Records from a dataset:
::::

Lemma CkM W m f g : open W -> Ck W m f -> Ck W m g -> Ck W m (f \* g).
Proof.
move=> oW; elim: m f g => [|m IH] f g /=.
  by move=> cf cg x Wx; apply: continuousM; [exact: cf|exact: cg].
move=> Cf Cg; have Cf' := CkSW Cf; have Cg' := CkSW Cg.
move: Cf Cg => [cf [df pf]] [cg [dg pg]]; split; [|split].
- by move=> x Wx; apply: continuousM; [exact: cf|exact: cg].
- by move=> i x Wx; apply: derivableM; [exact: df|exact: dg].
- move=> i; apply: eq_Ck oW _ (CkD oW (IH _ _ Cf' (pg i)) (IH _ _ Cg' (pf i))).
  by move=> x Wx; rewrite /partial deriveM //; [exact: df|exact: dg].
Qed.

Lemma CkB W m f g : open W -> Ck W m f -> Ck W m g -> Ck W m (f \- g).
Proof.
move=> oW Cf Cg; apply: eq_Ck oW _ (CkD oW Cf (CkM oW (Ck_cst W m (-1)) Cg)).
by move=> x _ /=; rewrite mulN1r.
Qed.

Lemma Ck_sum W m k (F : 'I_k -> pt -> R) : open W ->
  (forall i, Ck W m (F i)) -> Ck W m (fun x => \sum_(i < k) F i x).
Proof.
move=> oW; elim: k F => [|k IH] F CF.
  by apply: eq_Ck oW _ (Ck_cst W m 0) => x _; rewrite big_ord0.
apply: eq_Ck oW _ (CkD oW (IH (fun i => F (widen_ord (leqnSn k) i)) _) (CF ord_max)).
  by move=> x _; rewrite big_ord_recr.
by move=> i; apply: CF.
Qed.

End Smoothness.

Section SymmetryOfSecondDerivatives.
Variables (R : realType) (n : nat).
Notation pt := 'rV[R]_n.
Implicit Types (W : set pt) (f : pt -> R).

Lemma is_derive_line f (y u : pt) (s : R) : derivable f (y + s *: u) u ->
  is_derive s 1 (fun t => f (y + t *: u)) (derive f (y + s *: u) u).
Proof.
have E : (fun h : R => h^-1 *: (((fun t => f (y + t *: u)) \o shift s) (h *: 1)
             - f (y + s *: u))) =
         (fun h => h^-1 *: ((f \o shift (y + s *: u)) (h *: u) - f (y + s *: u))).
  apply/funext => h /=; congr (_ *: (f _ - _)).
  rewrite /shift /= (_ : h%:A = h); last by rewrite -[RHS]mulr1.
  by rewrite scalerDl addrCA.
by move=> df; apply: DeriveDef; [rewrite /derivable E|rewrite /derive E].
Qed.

::::

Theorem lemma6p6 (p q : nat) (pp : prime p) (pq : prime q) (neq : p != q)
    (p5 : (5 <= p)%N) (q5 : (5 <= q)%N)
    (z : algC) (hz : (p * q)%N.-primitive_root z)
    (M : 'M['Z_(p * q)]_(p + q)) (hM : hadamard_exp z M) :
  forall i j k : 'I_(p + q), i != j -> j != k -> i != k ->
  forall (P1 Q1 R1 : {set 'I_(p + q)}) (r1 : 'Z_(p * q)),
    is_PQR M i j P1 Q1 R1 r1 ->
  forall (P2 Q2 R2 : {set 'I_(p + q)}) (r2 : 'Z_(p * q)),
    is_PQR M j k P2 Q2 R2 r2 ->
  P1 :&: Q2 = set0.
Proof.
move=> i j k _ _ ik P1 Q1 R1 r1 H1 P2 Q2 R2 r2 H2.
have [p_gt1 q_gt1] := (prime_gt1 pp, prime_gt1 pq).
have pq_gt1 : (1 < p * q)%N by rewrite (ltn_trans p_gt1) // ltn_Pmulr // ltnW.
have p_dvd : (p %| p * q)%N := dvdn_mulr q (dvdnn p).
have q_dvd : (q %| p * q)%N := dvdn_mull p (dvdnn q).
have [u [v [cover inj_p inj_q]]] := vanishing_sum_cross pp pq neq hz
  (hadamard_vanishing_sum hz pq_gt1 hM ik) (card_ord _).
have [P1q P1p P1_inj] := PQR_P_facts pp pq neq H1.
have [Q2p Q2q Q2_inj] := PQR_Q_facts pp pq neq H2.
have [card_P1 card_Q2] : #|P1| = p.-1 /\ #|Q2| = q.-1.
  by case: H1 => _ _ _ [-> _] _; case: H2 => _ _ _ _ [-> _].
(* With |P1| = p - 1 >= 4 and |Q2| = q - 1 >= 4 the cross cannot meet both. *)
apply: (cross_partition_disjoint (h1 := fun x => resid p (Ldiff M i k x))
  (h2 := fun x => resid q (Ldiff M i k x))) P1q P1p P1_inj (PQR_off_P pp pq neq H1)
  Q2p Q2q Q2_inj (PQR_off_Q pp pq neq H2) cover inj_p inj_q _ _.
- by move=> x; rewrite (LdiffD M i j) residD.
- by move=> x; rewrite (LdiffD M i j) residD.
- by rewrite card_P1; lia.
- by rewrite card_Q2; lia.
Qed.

::::

__PROBLEM TO WORK ON__. Please make an exact copy of the lines above from the line with "Implicit Types (W : set pt) (f : pt -> R)." through the line with "(fun h => h^-1", both ends included.

__ANSWER__.
Implicit Types (W : set pt) (f : pt -> R).

Lemma is_derive_line f (y u : pt) (s : R) : derivable f (y + s *: u) u ->
  is_derive s 1 (fun t => f (y + t *: u)) (derive f (y + s *: u) u).
Proof.
have E : (fun h : R => h^-1 *: (((fun t => f (y + t *: u)) \o shift s) (h *: 1)
             - f (y + s *: u))) =
         (fun h => h^-1 *: ((f \o shift (y + s *: u)) (h *: u) - f (y + s *: u))).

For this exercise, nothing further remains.